Show: Às Margens do Rio
Artista: Paulinho da Viola
Onde: Tom Brasil (r. Olimpíadas, 66, Vila Olímpia, zona oeste de São Paulo, tel. 011/820-2326)
Quando: hoje, às 21h; amanhã e sábado, às 21h30; domingo às 20h30.
Quanto: de R$ 25 a R$ 45

O talento do cantor e compositor Paulinho da Viola é uma das poucas unanimidades entre críticos e músicos. Mas permanece um biscoito fino que poucos degustam -e em raras oportunidades. Não grava há seis anos, por exemplo.
Uma boa oportunidade é ir à Tom Brasil, onde Paulinho faz show de hoje a domingo.
Aos 52 anos de idade, 31 de carreira, o "príncipe do samba" jamais ganhou um disco de ouro (cem mil cópias vendidas) -um atestado de "popularidade" conferido pela indústria fonográfica.
Não que isso o angustie. Mas o deixaria feliz. "Todo artista quer ter sua obra reconhecida e quer vender o máximo que puder. Nunca me preocupei com isso, mas se eu receber um disco de ouro vai ser uma festa, vai ser ótimo".
Uma explicação para a vendagem baixa é a recusa do cantor em fazer concessões ao mercado.
"Eu não quero estar na moda. Minha preocupação é não estar na moda. Faço parte de uma geração que não tem muito essa coisa de moda", explica.
"Atravessamos uma fase em que todo o verão tinha que ter um ritmo novo, felizmente essa coisa já se diluiu um pouco."
A tecnologia é vista com reserva por ele.

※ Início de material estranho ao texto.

Lemma var_ideal_prime T : mprime (var_ideal T).
Proof.
split; [|split].
- move=> u v /exists_inP[i iT ui] uv; apply/exists_inP; exists i => //.
  exact: leq_trans ui (uv i).
- by move=> /exists_inP[i _]; rewrite ffunE.
- move=> u v /exists_inP[i iT]; rewrite ffunE addn_gt0 => /orP[ui|vi].
  + by left; apply/exists_inP; exists i.
  + by right; apply/exists_inP; exists i.
Qed.

Lemma var_ideal_mvar T i : var_ideal T (mvar i) <-> i \in T.
Proof.
split=> [/exists_inP[k kT]|iT]; last by apply/exists_inP; exists i; rewrite ?mvarE ?eqxx.
by rewrite mvarE; case: eqP => // <-.
Qed.

Lemma var_ideal_subset A B : msubset (var_ideal A) (var_ideal B) <-> A \subset B.
Proof.
split=> [AB|/subsetP AB v /exists_inP[i iA vi]].
  by apply/subsetP => i /var_ideal_mvar/AB/var_ideal_mvar.
by apply/exists_inP; exists i; first exact: AB.
Qed.

Lemma deg_on_eq0 T v : ~ var_ideal T v -> deg_on T v = 0.
Proof.
move=> Tv; apply/eqP; rewrite /deg_on sum_nat_eq0; apply/forall_inP => i iT.
by rewrite -leqn0 leqNgt; apply: contra_notN Tv => vi; apply/exists_inP; exists i.
Qed.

Como simples acessório, e, mesmo assim, dispensável.
"Nunca coloquei a tecnologia na frente do meu trabalho", diz ele, que já foi criticado por ter usado sintetizador em música da Velha Guarda da Portela ("Maldade Não Tem Fim").
Voz chata
Definitivamente, seu negócio não é moda, é modéstia.

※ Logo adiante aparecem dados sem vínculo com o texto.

(* Consider the sub-$\ell^\infty$ structure on $\mathbb{R}^2$ defined by $X_1=\partial_x$, $X_2=x\partial_y$. A regular bang-bang trajectory with more than $3$ arcs is not a time-minimizer. If, moreover, a regular bang-bang trajectory $\gamma$ starts on the $y$-axis (i.e. $\gamma(0)\in\{x=0\}$) and is a time-minimizer, then it has at most $2$ arcs.
   Context: Sub-$\ell^\infty$ structure defined by smooth vector fields $X_1,\dots,X_k$ on a manifold $M$: an admissible trajectory is an absolutely continuous curve $\gamma:[0,T]\to M$ together with a measurable control $u=(u_1,\dots,u_k):[0,T]\to\mathbb{R}^k$ with $|u_i(t)|\le1$ for all $i$ and a.e. $t$, such that $\dot\gamma(t)=\sum_i u_i(t)X_i(\gamma(t))$ for a.e. $t$. It is a time-minimizer (optimal) if no admissible trajectory joins $\gamma(0)$ to $\gamma(T)$ in time less than $T$. An extremal pair is a pair $(\lambda,\gamma)$ where $\gamma$ is admissible with control $u$ and $\lambda:[0,T]\to T^*M$ is absolutely continuous with $\lambda(t)\in T^*_{\gamma(t)}M\setminus\{0\}$, such that, with $\mathcal H(\lambda,p,u)=\sum_i u_i\langle\lambda,X_i(p)\rangle$, in canonical coordinates $\dot\lambda=-\partial_p\mathcal H(\lambda,\gamma,u)$, $\dot\gamma=\partial_\lambda\mathcal H(\lambda,\gamma,u)$ a.e., and there is a constant $\lambda_0\ge0$ with $\sum_iu_i(t)\langle\lambda(t),X_i(\gamma(t))\rangle=\sum_i|\langle\lambda(t),X_i(\gamma(t))\rangle|=\lambda_0$ for a.e. $t$; $\gamma$ is then an extremal trajectory and $\lambda$ an extremal lift. The switching functions are $\varphi_j(t)=\langle\lambda(t),X_j(\gamma(t))\rangle$. The restriction of an extremal pair to an open interval $I$ is a regular arc if $\varphi_j(t)\ne0$ for all $t\in I$ and all $j$; arcs are taken maximal (not contained in a strictly larger open interval with the same property). A regular bang-bang trajectory is an extremal trajectory with an extremal lift such that $[0,T]$ minus finitely many points is a finite union of maximal regular arcs (on each of which the control is then constant with values in $\{1,-1\}^k$); these are its arcs. *)

From Stdlib Require Import Reals List.
Open Scope R_scope.

Definition open_set (O : R -> Prop) : Prop :=
  forall t, O t -> exists r, 0 < r /\ forall s, Rabs (s - t) < r -> O s.

Definition outer_le (S : R -> Prop) (c : R) : Prop :=
  forall eps, 0 < eps ->
    exists a b : nat -> R,
      (forall n, a n <= b n) /\
      (forall t, S t -> exists n, a n < t < b n) /\
      (forall n, sum_f_R0 (fun k => b k - a k) n <= c + eps).

Definition null_set (S : R -> Prop) : Prop := outer_le S 0.

(* Lebesgue measurable set (outer regularity characterisation) *)
Definition lebesgue_measurable (E : R -> Prop) : Prop :=
  forall eps, 0 < eps ->
    exists O : R -> Prop, open_set O /\ (forall t, E t -> O t) /\
      outer_le (fun t => O t /\ ~ E t) eps.

Definition measurable_on (T : R) (u : R -> R) : Prop :=
  forall alpha, lebesgue_measurable (fun t => 0 <= t <= T /\ u t < alpha).

Definition ae_on (T : R) (P : R -> Prop) : Prop :=
  exists N : R -> Prop, null_set N /\ forall t, 0 <= t <= T -> ~ N t -> P t.

(* finite families of non-overlapping subintervals [a_i,b_i] of [lo,hi], in order *)
Fixpoint chain (lo : R) (l : list (R * R)) (hi : R) : Prop :=
  match l with
  | nil => lo <= hi
  | (a, b) :: r => lo <= a /\ a <= b /\ chain b r hi
  end.

Definition sum_len (l : list (R * R)) : R :=
  fold_right (fun ab s => (snd ab - fst ab) + s) 0 l.

Definition sum_var (f : R -> R) (l : list (R * R)) : R :=
  fold_right (fun ab s => Rabs (f (snd ab) - f (fst ab)) + s) 0 l.

Definition abs_cont_on (T : R) (f : R -> R) : Prop :=
  forall eps, 0 < eps -> exists delta, 0 < delta /\
    forall l, chain 0 l T -> sum_len l < delta -> sum_var f l < eps.

Definition admissible (T : R) (x y u1 u2 : R -> R) : Prop :=
  0 <= T /\
  abs_cont_on T x /\ abs_cont_on T y /\
  measurable_on T u1 /\ measurable_on T u2 /\
  ae_on T (fun t => Rabs (u1 t) <= 1 /\ Rabs (u2 t) <= 1) /\
  (* gamma' = u1 X1(gamma) + u2 X2(gamma), X1 = (1,0), X2 = (0,x) *)
  ae_on T (fun t => 0 < t < T ->
     derivable_pt_lim x t (u1 t * 1 + u2 t * 0) /\
     derivable_pt_lim y t (u1 t * 0 + u2 t * x t)).

Definition time_minimizer (T : R) (x y : R -> R) : Prop :=
  forall (T' : R) (x' y' v1 v2 : R -> R),
    admissible T' x' y' v1 v2 ->
    x' 0 = x 0 -> y' 0 = y 0 -> x' T' = x T -> y' T' = y T ->
    T <= T'.

(* Covector lambda = (p,q) in T*_gamma R^2.
   Switching functions: phi1 = <lambda, X1> = p, phi2 = <lambda, X2> = q x. *)
Definition phi1 (p : R -> R) (t : R) : R := p t.
Definition phi2 (x q : R -> R) (t : R) : R := q t * x t.

(* H(lambda, (x,y), u) = u1 p + u2 q x ;
   lambda' = - d_(x,y) H = (- u2 q, 0), gamma' = d_lambda H = (u1, u2 x). *)
Definition extremal (T : R) (x y u1 u2 p q : R -> R) : Prop :=
  admissible T x y u1 u2 /\
  abs_cont_on T p /\ abs_cont_on T q /\
  (forall t, 0 <= t <= T -> ~ (p t = 0 /\ q t = 0)) /\
  ae_on T (fun t => 0 < t < T ->
     derivable_pt_lim p t (- (u2 t * q t)) /\
     derivable_pt_lim q t (- 0)) /\
  exists l0, 0 <= l0 /\
    ae_on T (fun t =>
      u1 t * phi1 p t + u2 t * phi2 x q t = l0 /\
      Rabs (phi1 p t) + Rabs (phi2 x q t) = l0).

"Não me considero um cantor. A primeira coisa que um cantor faz é se gostar muito. Submete toda a obra a sua maneira de interpretar. Eu sou um compositor que canta. Tenho até uma voz legal, mas a tendência é não gostar de algumas coisas que eu me ouço cantar. Dizer: Pô, que voz chata".

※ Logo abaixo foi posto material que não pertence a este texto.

Lemma cross_linked_psiA_index i j : cross_linked i j -> i <= j ->
  exists k, [/\ k <= m.-1 - k, m.-1 - k < m, i \in A k & j \in A (m.-1 - k)].
Proof.
move=> ij le_ij; have [k hk hi] := meets_neg_psiA (introT existsP (ex_intro _ j ij)).
have hj : j \in A (m.-1 - k) by rewrite -(cross_linked_psiA _ hk hi).
exists k; split => //; last lia.
by rewrite leqNgt; apply/negP => lt_k; have := psiA_lt lt_k hk hj hi; lia.
Qed.

Lemma cross_linked_m0 i j : m = 0 -> cross_linked i j = false.
Proof.
by move=> m0; apply/negP => ij; have [k] := meets_neg_psiA (introT existsP (ex_intro _ j ij)); rewrite m0.
Qed.

Lemma cross_linked_odd i j : odd m -> sigma_linked i j -> i <= j ->
  cross_linked i j = region (XBlock (A m./2)) i j.
Proof.
move=> om rij le_ij; have := odd_double_half m; rewrite om -addnn /= => em.
have hc : m./2 < m by lia.
have mc : m.-1 - m./2 = m./2 by lia.
apply/idP/idP => [/cross_linked_psiA_index-/(_ le_ij)[k [kk hk' hi hj]] | ].
  case: (ltngtP k m./2) => [kc|ck|ekc]; [apply/orP; right | lia | by subst k; rewrite mc in hj; rewrite hi hj].
  by rewrite (psiA_lt_mins kc hc hi) (maxs_lt_psiA _ hk' hj) //; lia.
case/orP => /andP[hi hj]; first by rewrite (cross_linked_psiA _ hc hi) mc.
case/orP: rij => // lij; exfalso.
have [z0 /mins_mem[z hz ez]] := psiA_nonempty hc.
have zz : cross_linked z z by rewrite (cross_linked_psiA _ hc hz) mc.
have := leq_maxs hz => zM.
have liz : linked i z by apply: linked_nc lij zz; lia.
have /geq_mins : i \in A m./2 by rewrite (psiA_pclassE hc hz).1 mem_pclass linked_sym.
lia.
Qed.

Section EvenM.
Hypotheses (m_neq0 : m != 0) (m_even : ~~ odd m).

Let c := m./2.
Let em : m = c.*2. Proof. by have := odd_double_half m; rewrite (negbTE m_even). Qed.
Let hc : c < m. Proof. lia. Qed.
Let hc' : c.-1 < m. Proof. lia. Qed.
Let mc : m.-1 - c.-1 = c. Proof. lia. Qed.

Lemma psi_x_edge_ends : exists a b : 'I_n,
  [/\ a \in A c.-1, b \in A c, maxs (A c.-1) = a & mins (A c) = b].
Proof.
have [a0 /maxs_mem[a ha ea]] := psiA_nonempty hc'.
have [b0 /mins_mem[b hb eb]] := psiA_nonempty hc.
by exists a, b.
Qed.

Lemma cross_linked_even i j : sigma_linked i j -> i <= j ->
  cross_linked i j = region (XEdge (maxs (A c.-1)) (mins (A c))) i j.
Proof.
move=> rij le_ij; apply/idP/idP => [/cross_linked_psiA_index-/(_ le_ij)[k [kk hk' hi hj]] | ].
  rewrite /= (leq_maxs_psiA _ hc' hi) ?(geq_mins_psiA _ hk' hj) //; lia.
case/andP=> ia bj; case/orP: rij => // lij; exfalso.
have [a [b [ha hb ea eb]]] := psi_x_edge_ends; rewrite ea eb in ia bj.
have ab : cross_linked a b by rewrite (cross_linked_psiA _ hc' ha) mc.
have lt_ab : a < b by apply: (psiA_lt _ hc ha hb); lia.
have laj : linked a j.
  case: (ltngtP i a) ia => [ltia _|//|/val_inj<- _ //].
  by apply: (@linked_trans i); rewrite // linked_sym; apply: linked_nc lij ab; lia.
have /leq_maxs : j \in A c.-1 by rewrite (psiA_pclassE hc' ha).1 mem_pclass.
by rewrite ea; lia.
Qed.

Lemma psi_x_edge_redge : exists a b : 'I_n,
  [/\ maxs (A c.-1) = a, mins (A c) = b & redge sigma_linked a b].
Proof.
have [a [b [ha hb ea eb]]] := psi_x_edge_ends; exists a, b; split => //.
have ab : cross_linked a b by rewrite (cross_linked_psiA _ hc' ha) mc.
split; [by apply: (psiA_lt _ hc ha hb); lia | by rewrite /sigma_linked ab orbT |].
move=> k /orP[ak|ak]; apply/negP => /andP[lt_ak lt_kb].
- have /leq_maxs : k \in A c.-1 by rewrite (psiA_pclassE hc' ha).1 mem_pclass.
  by rewrite ea; lia.
- have /geq_mins : k \in A c by rewrite -mc -(cross_linked_psiA _ hc' ha).
  by rewrite eb; lia.
Qed.

End EvenM.

Lemma cross_linked_region i j : sigma_linked i j -> i <= j ->
  cross_linked i j = region (psi_x P) i j.
Proof.
move=> rij le_ij; rewrite /psi_x; case: eqP => [m0|/eqP m0]; first exact: cross_linked_m0.
by case: ifP => om; [apply: cross_linked_odd | apply: cross_linked_even => //; rewrite om].
Qed.

Inductive psi_x_spec : xdata n -> Prop :=
  | PsiXEmpty : psi_x_spec XEmpty
  | PsiXEdge (a b : 'I_n) : redge sigma_linked a b -> psi_x_spec (XEdge a b)
  | PsiXBlock Z : Z \in psi_sigma P -> Z != set0 -> psi_x_spec (XBlock Z).

Lemma psi_xP : psi_x_spec (psi_x P).
Proof.
rewrite /psi_x; case: eqP => [_|/eqP m0]; first exact: PsiXEmpty.
case: ifP => om.
- have := odd_double_half m; rewrite om -addnn /= => em.
  have hc : m./2 < m by lia.
  apply: PsiXBlock; last by have [z hz] := psiA_nonempty hc; apply/set0Pn; exists z.
  rewrite /psi_sigma inE; apply/orP; right; apply/imsetP; exists (Ordinal hc) => //=.
  by rewrite (_ : m.-1 - m./2 = m./2) ?setUid //; lia.
- have [a [b [-> -> ab]]] := psi_x_edge_redge m0 (negbT om).
  exact: PsiXEdge.
Qed.

End TypeBPartition.

(* Refinement in terms of regions (lemma refines_region_compat).  The diagonal test
   exempts the self-paired block {i | i ~ -i}, on which i ~ j and i ~ -j hold together. *)
Definition region_compat n (r : rel 'I_n) (x1 x2 : xdata n) :=
  forall i j : 'I_n, r i j -> i <= j ->
    (region x1 i j -> region x2 i j) /\ (region x2 i j -> ~~ region x2 i i -> region x1 i j).

Section EdgeOrEmpty.
Variables (n : nat) (S : {set {set 'I_n}}) (Q : nat -> nat -> Prop).

Lemma unique_min_edge_or_empty0 :
  unique_min_edge_or_empty S Q XEmpty <-> ~ exists i j, is_edge S i j /\ Q i j.
Proof. by split=> [[[] // | [i [j []]]] | no]; [|left]. Qed.

Lemma unique_min_edge_or_emptyE a b : unique_min_edge_or_empty S Q (XEdge a b) <->
  [/\ is_edge S a b, Q a b &
      forall k l, is_edge S k l -> Q k l -> (k, l) <> (a, b) -> b - a < l - k].
Proof. by split=> [[[]//|[? [? [[-> ->]]]]]|[]]; last (right; exists a, b). Qed.

Lemma unique_min_edge_or_empty_block Z : ~ unique_min_edge_or_empty S Q (XBlock Z).
Proof. by case=> [[]|[? [? []]]]. Qed.

Lemma min_edge_or_empty0 :
  min_edge_or_empty S Q XEmpty <-> ~ exists i j, is_edge S i j /\ Q i j.
Proof. by split=> [[[] // | [i [j []]]] | no]; [|left]. Qed.

Lemma min_edge_or_emptyE a b : min_edge_or_empty S Q (XEdge a b) <->
  [/\ is_edge S a b, Q a b & forall k l, is_edge S k l -> Q k l -> b - a <= l - k].
Proof. by split=> [[[]//|[? [? [[-> ->]]]]]|[]]; last (right; exists a, b). Qed.

Lemma min_edge_or_empty_block Z : ~ min_edge_or_empty S Q (XBlock Z).
Proof. by case=> [[]|[? [? []]]]. Qed.

End EdgeOrEmpty.

Definition psi_x_le n (S1 S2 : {set {set 'I_n}}) (x1 x2 : xdata n) : Prop :=
  (x1 = XEmpty /\ x2 = XEmpty)
  \/ (exists a b, x2 = XEdge a b /\ is_edge S2 a b /\
        unique_min_edge_or_empty S1 (fun i j => i <= a /\ b <= j) x1)
  \/ (exists B2 B1, x2 = XBlock B2 /\ B2 \in S2 /\ x1 = XBlock B1 /\ B1 \in S1 /\ B1 \subset B2)
  \/ (exists B2 i j, x2 = XBlock B2 /\ B2 \in S2 /\ x1 = XEdge i j /\ is_edge S1 i j /\
        exists i' j' : 'I_n, i' = i :> nat /\ j' = j :> nat /\ i' \in B2 /\ j' \in B2)
  \/ (exists B2, x2 = XBlock B2 /\ B2 \in S2 /\
        min_edge_or_empty S1 (fun i j => i < mins B2 /\ maxs B2 < j) x1).

Section PsiXLe.
Variables (n : nat) (S1 S2 : {set {set 'I_n}}) (x1 : xdata n).

Lemma psi_x_le_empty : psi_x_le S1 S2 x1 XEmpty <-> x1 = XEmpty.
Proof.
split=> [|->]; last by left.
by case=> [[]//|[[? [? []]]|[[? [? []]]|[[? [? [? []]]]|[? []]]]]].
Qed.

Lemma psi_x_le_edge (a b : nat) : psi_x_le S1 S2 x1 (XEdge a b) <->
  is_edge S2 a b /\ unique_min_edge_or_empty S1 (fun i j => i <= a /\ b <= j) x1.
Proof.
split=> [|[ab u]]; last by right; left; exists a, b.
by case=> [[_ e]|[[? [? [[-> ->]]]]|[[? [? [e _]]]|[[? [? [? [e _]]]]|[? [e _]]]]]].
Qed.

Lemma psi_x_le_block Z : psi_x_le S1 S2 x1 (XBlock Z) <-> Z \in S2 /\
  [\/ exists B1, x1 = XBlock B1 /\ B1 \in S1 /\ B1 \subset Z,
      exists i j, x1 = XEdge i j /\ is_edge S1 i j /\
        exists i' j' : 'I_n, i' = i :> nat /\ j' = j :> nat /\ i' \in Z /\ j' \in Z
    | min_edge_or_empty S1 (fun i j => i < mins Z /\ maxs Z < j) x1].
Proof.
split=> [|[hZ []]].
- case=> [[_ e]|[[? [? [e _]]]|[[? [B1 [[<-] [hZ [e1 hB1]]]]]|[[? [i [j [[<-] [hZ h]]]]]|[? [[<-] [hZ h]]]]]]] //.
  + by split=> //; apply: Or31; exists B1.
  + by split=> //; apply: Or32; exists i, j.
  + by split=> //; apply: Or33.
- by case=> B1 h; right; right; left; exists Z, B1.
- by case=> i [j h]; right; right; right; left; exists Z, i, j.
- by move=> h; right; right; right; right; exists Z.
Qed.

End PsiXLe.

Section Comparison.
Variables (n : nat) (P1 P2 : {set {set 'I_(n + n)}}).
Hypotheses (P1_NCB : is_NCB P1) (P2_NCB : is_NCB P2).

Local Notation r1 := (sigma_linked P1).
Local Notation r2 := (sigma_linked P2).

Lemma refinesE : refines P1 P2 <-> forall i j,
  (linked P1 i j -> linked P2 i j) /\ (cross_linked P1 i j -> cross_linked P2 i j).
Proof.
split=> [le12 i j | le12 B hB].
  have [C hC subC] := le12 _ (pblockP P1_NCB (posI i)).
  have eC : pblock P2 (posI i) = C by apply: pblock_eq (subsetP subC _ (pblock_self _ _)).
  by subst C; split=> h; apply: (subsetP subC).
have same12 u v : same_block P1 u v -> same_block P2 u v.
  case: (posI_or_negI u) (posI_or_negI v) => [][i ->] [][j ->]; first exact: (le12 i j).1.
  - exact: (le12 i j).2.
  - by rewrite !(same_block_sym _ (negI i)) //; exact: (le12 j i).2.
  - by rewrite -!negB_posI !same_block_negB //; exact: (le12 i j).1.
have [u hu] : exists u, u \in B.
  case: P1_NCB => /and3P[_ _ nP0] _ _ _; apply/set0Pn.
  by apply: contraNneq nP0 => <-.
exists (pblock P2 u); first exact: pblockP.
by apply/subsetP => v hv; apply: same12; rewrite /same_block (pblock_eq P1_NCB hB hu).
Qed.

Lemma refines_psi_sigmaE : 0 < n ->
  refines (psi_sigma P1) (psi_sigma P2) <-> subrel r1 r2.
Proof.
move=> npos; split=> [le12 i j rij | le12 S hS].
  have [T hT subT] := le12 _ (sclass_psi_sigma P1_NCB i).
  have hiT : i \in T by apply: (subsetP subT); rewrite inE sigma_linked_refl.
  by move: (subsetP subT j); rewrite inE (psi_sigma_blockE P2_NCB hT hiT) inE; apply.
have [S0|[i hi]] := set_0Vmem S.
  by exists (sclass P2 (Ordinal npos)); rewrite ?S0 ?sub0set ?sclass_psi_sigma.
exists (sclass P2 i); first exact: sclass_psi_sigma.
by rewrite (psi_sigma_blockE P1_NCB hS hi); apply/subsetP => j; rewrite !inE; apply: le12.
Qed.

Hypothesis r12 : subrel r1 r2.
Local Notation x1 := (psi_x P1).
Local Notation x2 := (psi_x P2).

Lemma refines_region_compat :
  (forall i j, (linked P1 i j -> linked P2 i j) /\ (cross_linked P1 i j -> cross_linked P2 i j))
  <-> region_compat r1 x1 x2.
Proof.
have reg1 i j : r1 i j -> i <= j -> region x1 i j = cross_linked P1 i j.
  by move=> rij le_ij; rewrite (cross_linked_region P1_NCB rij le_ij).
have reg2 i j : r1 i j -> i <= j -> region x2 i j = cross_linked P2 i j.
  by move=> rij le_ij; rewrite (cross_linked_region P2_NCB (r12 rij) le_ij).
have rii i : r1 i i := sigma_linked_refl P1_NCB i.
split=> [le12 i j rij le_ij | compat].
  rewrite !reg1 // !reg2 //; split=> [|c2 nc2]; first exact: (le12 i j).2.
  apply/negPn/negP => nc1.
  have /(le12 i j).1 l2 : linked P1 i j by rewrite (linkedE P1_NCB rij) nc1.
  by rewrite (linked_cross_self P2_NCB l2 c2) in nc2.
suff le12 (i j : 'I_n) : i <= j -> (linked P1 i j -> linked P2 i j) /\ (cross_linked P1 i j -> cross_linked P2 i j).
  move=> i j; case: (leqP i j) => [/le12 // | /ltnW /le12].
  by rewrite (linked_sym P1_NCB i) (linked_sym P2_NCB i) (cross_linked_sym P1_NCB i) (cross_linked_sym P2_NCB i).
move=> le_ij; split=> [l1|c1]; last first.
  have rij : r1 i j by rewrite /sigma_linked c1 orbT.
  by rewrite -reg2 //; apply: (compat i j rij le_ij).1; rewrite reg1.
have rij : r1 i j by rewrite /sigma_linked l1.
rewrite (linkedE P2_NCB (r12 rij)); case: (boolP (cross_linked P2 i j)) => //= c2.
apply/negPn/negP => nc2.
have c1 : cross_linked P1 i j.
  by rewrite -reg1 //; apply: (compat i j rij le_ij).2; rewrite reg2.
move: nc2; rewrite -reg2 //; apply/negP/negPn.
by apply: (compat i i (rii i) (leqnn i)).1; rewrite reg1 // (linked_cross_self P1_NCB l1 c1).
Qed.

Lemma redge_spanned (a b i j : 'I_n) : redge r2 a b -> r1 i j -> i <= a -> b <= j ->
  exists k l, [/\ redge r1 k l, i <= k, k <= a, b <= l & l <= j].
Proof.
move=> ab rij ia bj; case: (ab) => lt_ab _ _.
apply: (redge_between (sigma_linked_nce P1_NCB) rij ia lt_ab bj) => t rit.
exact: (redge_sep (sigma_linked_nce P2_NCB) ab (r12 rit)) ia.
Qed.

Não consegue sentir ciúme do sucesso que outros fazem com músicas dele. Como aconteceu com Marisa Monte, com "Dança da Solidão". Se sente orgulhoso.
Gal Costa anunciou que vai fazer um disco baseado na obra de Paulinho. O cantor já manda recado dizendo que, se Gal quiser, ele prepara algo inédito.
Medo de saudade
Normalmente, Paulinho é considerado um saudosista, algo que ele rejeita com veemência.
Para quem quer entendê-lo, o compositor confessa que sua relação com o tempo é peculiar.
"Tenho medo de sentir saudade, mas nunca senti. Quando canto um choro do Pixinguinha é como se ele estivesse aqui. Não canto como se fosse preciso retornar no tempo."
O passado tem, contudo, importância fundamental em seu trabalho. Cresceu frequentando as rodas de choro, levado pelo pai, o violonista César Farias. Perdeu a conta das vezes que viu Pixinguinha e Jacob do Bandolim juntos.
"Me lembro que essas rodas eram muitas concorridas. E havia a obrigatoriedade do silêncio quando estivessem tocando. Ninguém falava nada. As pessoas ficavam compenetradas, como um ritual".
Paulinho admira Orlando Silva, Radamés Gnatali, Jacob do Bandolim. Mas vive dividido entre Pixinguinha e Cartola. "Não dá para escolher entre um ou outro".
E já declarou que quer morrer ouvindo "Vou Vivendo", choro de Pixinguinha que considera perfeito na melodia e harmonia.
É essa relação própria com o tempo que o faz resistir às pressões da gravadora BMG-Ariola e adiar a entrada no estúdio.
Promete que um disco novo ainda esse ano, mas a data já foi adiada várias vezes. De qualquer forma, três músicas estão prontas.
É um músico relaxado, com pavor de ansiedade. "Às vezes largo o instrumento por meses. Agora não tenho um calo para tocar."